By the numbers (Source: EMASS)
To put this another way, the ECS-DoT can perform 30 giga-operations per second (GOPS) while consuming only 2 milliwatts, achieving a total of 12 tera-operations per second (TOPS) per watt.
Sadly, one of the potential problems with small companies like EMASS is that they lack the resources and marketing reach necessary to reach a global audience. Happily, EMASS was fully acquired by Nanoveu earlier this year.
Nanoveu is an applied-technology company based in Perth, Western Australia. Although headquartered in Australia, the company’s operations span Asia and the Americas, utilizing manufacturing, distribution, and innovation partnerships across multiple territories. Over time, the chaps and chapesses at Nanoveu have broadened their focus from advanced materials (films, coatings, nanotechnology) to a deeper-tech orientation, including high-performance visualization platforms and now edge-AI semiconductors.
On the visualization side, Nanoveu’s EyeFly3D technology is a film-plus-software platform that enables regular mobile devices (smartphones, tablets, and large displays) to display glasses-free 3D content. Essentially, a plastic film (~0.1 mm thick) with about half a million micro-lenses is applied to a display. The user experiences immersive 3D without needing 3D glasses, and without significantly affecting display brightness, resolution, or touchscreen sensitivity.
So, why did Nanoveu acquire EMASS? Well, the obvious reason is that the market for edge AI and ultra-low power compute is growing rapidly (IoT devices, wearables, autonomous vehicles, smart sensors). Nanoveu’s acquisition of EMASS gives it a foothold in the semiconductor/SoC domain, which typically has higher margins (if you scale) and more strategic weighting than display technology on its own.
Furthermore, marrying EMASS’s energy-sipping ECS-DoT silicon with Nanoveu’s EyeFly3D display know-how creates a bridge between seeing and sensing at the edge. The result could be a new generation of intelligent 3D user interfaces—displays that not only render vivid, glasses-free depth but also analyze gestures, eye movements, and environmental cues in real-time. In commercial and industrial HMIs, this will translate into more informative dashboards, more intuitive machine controls, and context-aware displays that anticipate rather than merely respond.
The reason I’m such a font of information is that I was just chatting with Mark Goranson, who’s the CEO at EMASS. Mark has been in the semiconductor industry for over 45 years. He started at Mostek “way back when.” He moved to Intel, where he rubbed shoulders with the greats (Robert Noyce, Gordon Moore, Andrew “Andy” Grove…), then onto Freescale, On Semiconductor (Onsemi), Honeywell, and… the list goes on.

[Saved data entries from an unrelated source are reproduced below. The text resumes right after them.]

Lemma matched_aut r c a y : is_aut le r -> matched le L1 c a y -> matched le L1 c (r a) (r y).
Proof.
move=> r_aut ay z zL1.
rewrite -{1}(permKV r z) (is_autP _ _ r_aut) ay ?aut_L1 ?is_autV //.
by rewrite -(inj_eq (@perm_inj _ r)) permKV.
Qed.

Lemma bip_iso_of_matched c x0 y0 : x0 \in L0 -> y0 \in L1 -> matched le L1 c x0 y0 ->
  (forall x x', x \in L0 -> x' \in L0 -> (forall z, z \in L1 -> le x z = le x' z) -> x = x') ->
  #|L1| = #|L0| /\ iso_sub [set: T] le [set: 'I_#|L0| * bool] (bip_le c #|L0|).
Proof.
move=> x0L0 y0L1 x0y0 L0_separated.
have L0_antichain x y : x \in L0 -> y \in L0 -> le x y -> x = y.
  by move=> xL0 yL0; apply: psym_antichain; apply: L0_psym.
have L1_antichain x y : x \in L1 -> y \in L1 -> le x y -> x = y.
  by move=> xL1 yL1; apply: psym_antichain; apply: L1_psym.
have L0_matched a : a \in L0 -> exists2 y, y \in L1 & matched le L1 c a y.
  move=> aL0; have [r r_aut <-] := psymC2_aut le_po (L0_psym x0L0 aL0).
  by exists (r y0); [rewrite aut_L1|apply: matched_aut].
have L1_matched y : y \in L1 -> exists2 a, a \in L0 & matched le L1 c a y.
  move=> yL1; have [r r_aut <-] := psymC2_aut le_po (L1_psym y0L1 yL1).
  by exists (r x0); [rewrite aut_L0|apply: matched_aut].
split; first exact: card_L1_L0 L0_matched L1_matched L0_separated.
exact (bipartite_iso le_po L01_cover L01_disjoint L0_antichain L1_antichain
  L1_nle_L0 L0_matched L1_matched L0_separated).
Qed.

Section PrimeSymmetry.
Variables (A : {set T}) (s : {perm T}) (u v : T).
Hypotheses (A_iso : iso_sub A le [set: bool] c2le) (A_prime : ~ composite le c2le [set: bool] 2 A).
Hypotheses (s_aut : is_aut le s) (u_lt_v : Defs.ltP le u v) (s_inv : involutive s).
Hypothesis Sigma_s : Sigma s = [set u; v] :|: [set s u; s v].

Let uL0 : u \in L0. Proof. by case: (ltP_L01 u_lt_v). Qed.
Let vL1 : v \in L1. Proof. by case: (ltP_L01 u_lt_v). Qed.
Let suL0 : s u \in L0. Proof. by rewrite aut_L0. Qed.
Let svL1 : s v \in L1. Proof. by rewrite aut_L1. Qed.
Let su_neq : s u != u.
Proof.
have : u \in Sigma s by rewrite Sigma_s !inE eqxx.
by rewrite inE.
Qed.
Let sv_neq : s v != v.
Proof.
have : v \in Sigma s by rewrite Sigma_s !inE eqxx orbT.
by rewrite inE.
Qed.
Let u_le_v : le u v. Proof. by case/andP: u_lt_v. Qed.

“Wow! That’s a lot,” I hear you cry, “Shouldn’t Mark have retired by now?” You are very astute. In fact, he was retired when the folks at Nanoveu and EMASS came pounding on his door. As Mark says, “I know processors. When I started looking at the ECS-DoT and all of its capabilities in the context of Edge AI space, I said to myself, ‘This is too great a technology for me not to be involved in,’ so I came out of retirement.”

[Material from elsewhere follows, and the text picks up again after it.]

(* Let $k\in\mathbb N$, $E\subseteq W(A)$ and $\vec s=(s_n(x))_{n=0}^\infty\in V^\infty(A)$ such that $E$ is $k$-large in $\vec s$. Then there exist $m\ge1$, a variable word $w(x)\in\langle (s_n(x))_{n=0}^{m-1}\,\|\,(A_{k+n})_{n=0}^{m-1}\rangle_v$ and $\vec t\in V^\infty(A)$ with $\vec t\le_{k+m}(s_{m+n}(x))_{n=0}^\infty$ such that, setting $F=\{w(a):a\in A_k\}$, the set $E\cap E_F$ is $(k+m)$-large in $\vec t$.
   Context: $\mathbb N=\{0,1,2,\dots\}$. Fix an increasing sequence $A_0\subseteq A_1\subseteq A_2\subseteq\cdots$ of finite nonempty alphabets and set $A=\bigcup_{n\in\mathbb N}A_n$. $W(A)$ denotes the set of all finite words over $A$, including the empty word; words are concatenated by juxtaposition. Fix a symbol $x\notin A$. A variable word over $A$ is a finite word over $A\cup\{x\}$ in which $x$ occurs at least once; $V(A)$ is the set of variable words. For $s(x)\in V(A)$ and $a\in A\cup\{x\}$, $s(a)$ is obtained by replacing every occurrence of $x$ by $a$. $V^\infty(A)$ is the set of infinite sequences of variable words. For a sequence $(s_n(x))_{n\in I}$ of variable words and a sequence $(B_n)_{n\in I}$ of finite subsets of $A$, both indexed by a set $I\subseteq\mathbb N$ that is either a finite interval or of the form $\{m,m+1,\dots\}$: the constant span $\langle (s_n(x))_{n\in I}\,\|\,(B_n)_{n\in I}\rangle_c$ is the set of all words $s_{l_0}(a_0)s_{l_1}(a_1)\cdots s_{l_j}(a_j)$ with $j\ge0$, $l_0<\dots<l_j$ in $I$ and $a_i\in B_{l_i}$ for each $i$; the variable span $\langle (s_n(x))_{n\in I}\,\|\,(B_n)_{n\in I}\rangle_v$ is the set of all words $s_{l_0}(a_0)\cdots s_{l_j}(a_j)$ with $j\ge0$, $l_0<\dots<l_j$ in $I$, $a_i\in B_{l_i}\cup\{x\}$ for each $i$, and at least one $a_i=x$. (E.g. $(A_{k+n})_{n=p}^{q}$ denotes the sequence $B_n=A_{k+n}$, $p\le n\le q$.) Extracted $k$-subsequences: let $k\in\mathbb N$ and $\vec s=(s_n(x))_{n=0}^\infty\in V^\infty(A)$. A finite sequence $(t_n(x))_{n=0}^l$ of variable words is an extracted $k$-subsequence of $\vec s$ if there exist integers $0=m_0<m_1<\dots<m_{l+1}$ with $t_i(x)\in\langle (s_n(x))_{n=m_i}^{m_{i+1}-1}\,\|\,(A_{k+n})_{n=m_i}^{m_{i+1}-1}\rangle_v$ for all $0\le i\le l$. An infinite sequence $\vec t=(t_n(x))_{n=0}^\infty$ is an extracted $k$-subsequence of $\vec s$ if each initial segment $(t_n(x))_{n=0}^l$ is a finite extracted $k$-subsequence of $\vec s$. We write $\vec t\le_k\vec s$. A set $E\subseteq W(A)$ is $k$-large in $\vec s\in V^\infty(A)$ if $E\cap\langle\vec w\,\|\,(A_{k+n})_{n=0}^\infty\rangle_c\neq\emptyset$ for every $\vec w\in V^\infty(A)$ with $\vec w\le_k\vec s$. For $E\subseteq W(A)$ and nonempty $F\subseteq W(A)$, $E_F=\{z\in W(A): wz\in E\text{ for every }w\in F\}$. *)

From mathcomp Require Import all_boot.
Set Implicit Arguments. Unset Strict Implicit. Unset Printing Implicit Defensive.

I know what he means. On the one hand, I dream of retirement (and bacon sandwiches). On the other hand, were I ever to retire, and if someone were to come knocking on my door with a technology like ECS-DoT, I’d find it very hard to restrain myself from diving back in (probably with a half-eaten bacon sandwich still in hand). Some technologies are just too exciting to ignore, and the ECS-DoT feels like one of them. What say you? Do you have any thoughts you’d care to share about any of this?